SALT LAKE CITY — Treating virulent influenza, sepsis, and other potentially deadly infections long has focused on looking for ways to kill viruses and bacteria. But new research from the University of Utah and Utah State University shows that modulating the body’s own overeager inflammatory response to infection may help save more lives.
In a study published March 17 in Science Translational Medicine, researchers led by U of U cardiologist Dean Y. Li, M.D., Ph.D., professor of internal medicine and director of the Molecular Medicine Program, shows that protecting blood vessels from hyper-inflammatory response to infection reduced mortality rates in mouse models of avian flu and sepsis by as much as 50 percent. Specifically, the researchers identified a protein signaling pathway, Robo4, that when activated prevents inflammation from weakening blood vessels, which causes them to leak and can result in life-threatening organ damage.
The findings raise the possibility of new broad-range therapies that could be rapidly implemented by public health agencies to fight both viral and bacterial infections, such as pandemic influenza and sepsis, and even potentially deadly human-made biological agents that could cause widespread illness and death, according to Li. Such therapies would be given along with antibiotics, antivirals, and other drugs.
“By blocking the ill effects of inflammation on the host or patient by stabilizing blood vessels, we have identified an entirely different strategy to treat these infections,” Li said. “In essence, we’ve shown that rather than attacking the pathogen, we can target the host to help it to fight infections.”

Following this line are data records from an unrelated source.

Lemma mx_mulop (n : nat) (A B : op 'I_n) : mx (mulop A B) = mx A *m mx B.
Proof.
by apply/matrixP => i j; rewrite !mxE; apply: eq_bigr => z _; rewrite !mxE.
Qed.

Lemma trace_mx (n : nat) (A : op 'I_n) : trace A = \tr (mx A).
Proof. by apply: eq_bigr => i _; rewrite mxE. Qed.

Definition adj (m n : nat) (M : 'M[algC]_(m, n)) : 'M[algC]_(n, m) :=
  (M ^t*)%sesqui.

Lemma adjE (m n : nat) (M : 'M[algC]_(m, n)) i j : adj M i j = (M j i)^*.
Proof. by rewrite /adj !mxE. Qed.

Lemma adjM (m n p : nat) (A : 'M[algC]_(m, n)) (B : 'M[algC]_(n, p)) :
  adj (A *m B) = adj B *m adj A.
Proof. by rewrite /adj trmx_mul map_mxM. Qed.

Lemma adjK (m n : nat) (M : 'M[algC]_(m, n)) : adj (adj M) = M.
Proof. by apply/matrixP => i j; rewrite !adjE conjCK. Qed.

Definition cvec (n : nat) (v : 'I_n -> algC) : 'cV[algC]_n := \col_i v i.

Lemma qform_mx (n : nat) (A : op 'I_n) (v : 'I_n -> algC) :
  qform A v = (adj (cvec v) *m mx A *m cvec v) 0 0.
Proof.
rewrite /qform !mxE exchange_big /=; apply: eq_bigr => y _.
rewrite !mxE mulr_suml; apply: eq_bigr => x _.
by rewrite /adj !mxE.
Qed.

Lemma qform_cvec (n : nat) (A : op 'I_n) (u : 'cV[algC]_n) :
  (adj u *m mx A *m u) 0 0 = qform A (fun i => u i 0).
Proof.
by rewrite qform_mx; congr ((adj _ *m _ *m _) 0 0); apply/colP => i; rewrite mxE.
Qed.

(* Spectral theorem: a psd operator A = U^* D U is the sum of the rank-one
   operators w_j w_j^* with w_j = sqrt(D_j) (row j of U)^*. *)
Definition sqrt_family (n : nat) (A : op 'I_n) : 'I_n -> 'I_n -> algC :=
  fun j x => sqrtC (spectral_diag (mx A) 0 j) * ((spectralmx (mx A)) j x)^*.

Lemma psd_rank_one_sum (n : nat) (A : op 'I_n) :
  psd A -> rank_one_sum (sqrt_family A) A.
Proof.
move=> hA.
have normalA : mx A \is normalmx.
  have hermA : (mx A ^t*)%sesqui = mx A.
    by apply/matrixP => i j; rewrite !mxE; exact/esym/psd_hermitian.
  by apply/normalmxP; rewrite hermA.
have /orthomx_spectralP eA := normalA.
rewrite invmx_unitary ?spectral_unitarymx // in eA.
have hU := unitarymxP (spectral_unitarymx (mx A)).
rewrite /sqrt_family.
set U := spectralmx (mx A) in eA hU *.
set D := spectral_diag (mx A) in eA *.
have eD : diag_mx D = U *m mx A *m (U ^t*)%sesqui.
  by rewrite {1}eA !mulmxA hU mul1mx -mulmxA hU mulmx1.
have D_ge0 j : 0 <= D 0 j.
  have := congr1 (fun M : 'M_n => M j j) eD; rewrite /= mxE eqxx mulr1n => ->.
  have -> : (U *m mx A *m (U ^t*)%sesqui) j j = qform A (fun y => (U j y)^*).
    rewrite mxE /qform exchange_big /=; apply: eq_bigr => y _.
    rewrite !mxE mulr_suml; apply: eq_bigr => x _.
    by rewrite !mxE conjCK.
  exact: hA.
move=> x y.
have := congr1 (fun M : 'M_n => M x y) eA; rewrite /= !mxE => ->.
apply: eq_bigr => j _.
rewrite mul_mx_diag !mxE rmorphM /= conjCK.
rewrite [(sqrtC _)^*]geC0_conj ?sqrtC_ge0 //.
rewrite -[in LHS](sqrtCK (D 0 j)) expr2; ring.
Qed.

Lemma psd_tensop_rank_one_sum (N : nat) (d : 'I_N -> nat)
    (A : forall m : 'I_N, op 'I_(d m)) :
  (forall m, psd (A m)) ->
  rank_one_sum (fun (kk : {dffun forall m, 'I_(d m)}) (x : prodspace d) =>
                  \prod_(m : 'I_N) sqrt_family (A m) (kk m) (x m)) (tensop A).
Proof.
move=> hA; apply: (@rank_one_sum_tensop N d _ (fun m => sqrt_family (A m))).
by move=> m; apply: psd_rank_one_sum.
Qed.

While this study proves the concept of controlling the effects of inflammation to fight the effects of serious infection, developing therapies for people will take years.
Inflammation is a powerful weapon in the body’s immune system; without this inflammation, patients would not be able to fight infection. But it’s also a double-edged sword. When Biochemical mediators, called cytokines, are released in massive quantities as part of the inflammatory response, they can destabilize blood vessels, resulting in leakage, tissue edema (swelling), and in extreme cases, organ failure and death. For example, a severe infection such as that of the 1918 pandemic flu, can cause life-threatening lung damage when alveoli become inflamed and fill with fluid, a condition known as lung edema. Similarly, sepsis can damage organs such as the kidneys by weakening blood vessels and allowing fluid to leak into the kidney tissue, impairing its vital functions.
Although it will take much more work to determine if Robo4 can be manipulated to block inflammation in sepsis, influenza, and other infections, the protein’s signaling pathway appears to be ideal for stabilizing the endothelial cells that line blood vessels, according to Guy A. Zimmerman, M.D., a U of U professor of internal medicine who investigates inflammation and sepsis. “For this reason, the Robo4 pathway may be more effective and less likely to have negative side-effects than some of the approaches and drugs that have been tried in the past,” said Zimmerman, a co-author on the study.
Targeting the pathogens that cause influenza and sepsis has been the primary strategy to fight those infections. While this has been successful, it also has limitations because pathogens can evolve quickly to develop resistance to antibiotics and antiviral medications. A second approach has been to dampen a patient’s immune system response to infection. However, past approaches led to poor outcomes in patients, in part because they sometimes increased the sick individual’s susceptibility to a second, “opportunistic” infection.
Protecting the host from its own inflammatory response to infection offers a potential strategy to reduce the mortality rate from many different types of serious infections. In the mouse models of this study, the mortality rate for some sepsis and avian flu infections approached 90 percent when left untreated. By protecting blood vessels through activating Robo4, mortality was reduced in some cases to almost half.
Dale L. Barnard, Ph.D., a virus specialist and research associate professor at the Institute for Antiviral Research in the Department of Animal, Dairy and Veterinary Sciences at Utah State University, said the study opens a potentially exciting approach to treating virulent viral-caused infections such as pandemic H1N1 and the highly infectious avian flu. “It may be even a more effective approach if it were to be used in combination with antiviral drug therapy, perhaps allowing the antiviral drug to be used at concentrations below those which would induce drug resistance or allow the drug to be administered for shorter periods of time,” said Barnard, also a co-author on the study.
Li’s study of Robo4 as an agent for mitigating the effects of inflammation grew from his research into blood vessel formation. In 2003, he cloned Robo4 and showed that it inhibits uncontrolled blood vessel growth, thereby stabilizing vessels and preventing leakage. Robo4 is activated by another protein, called Slit.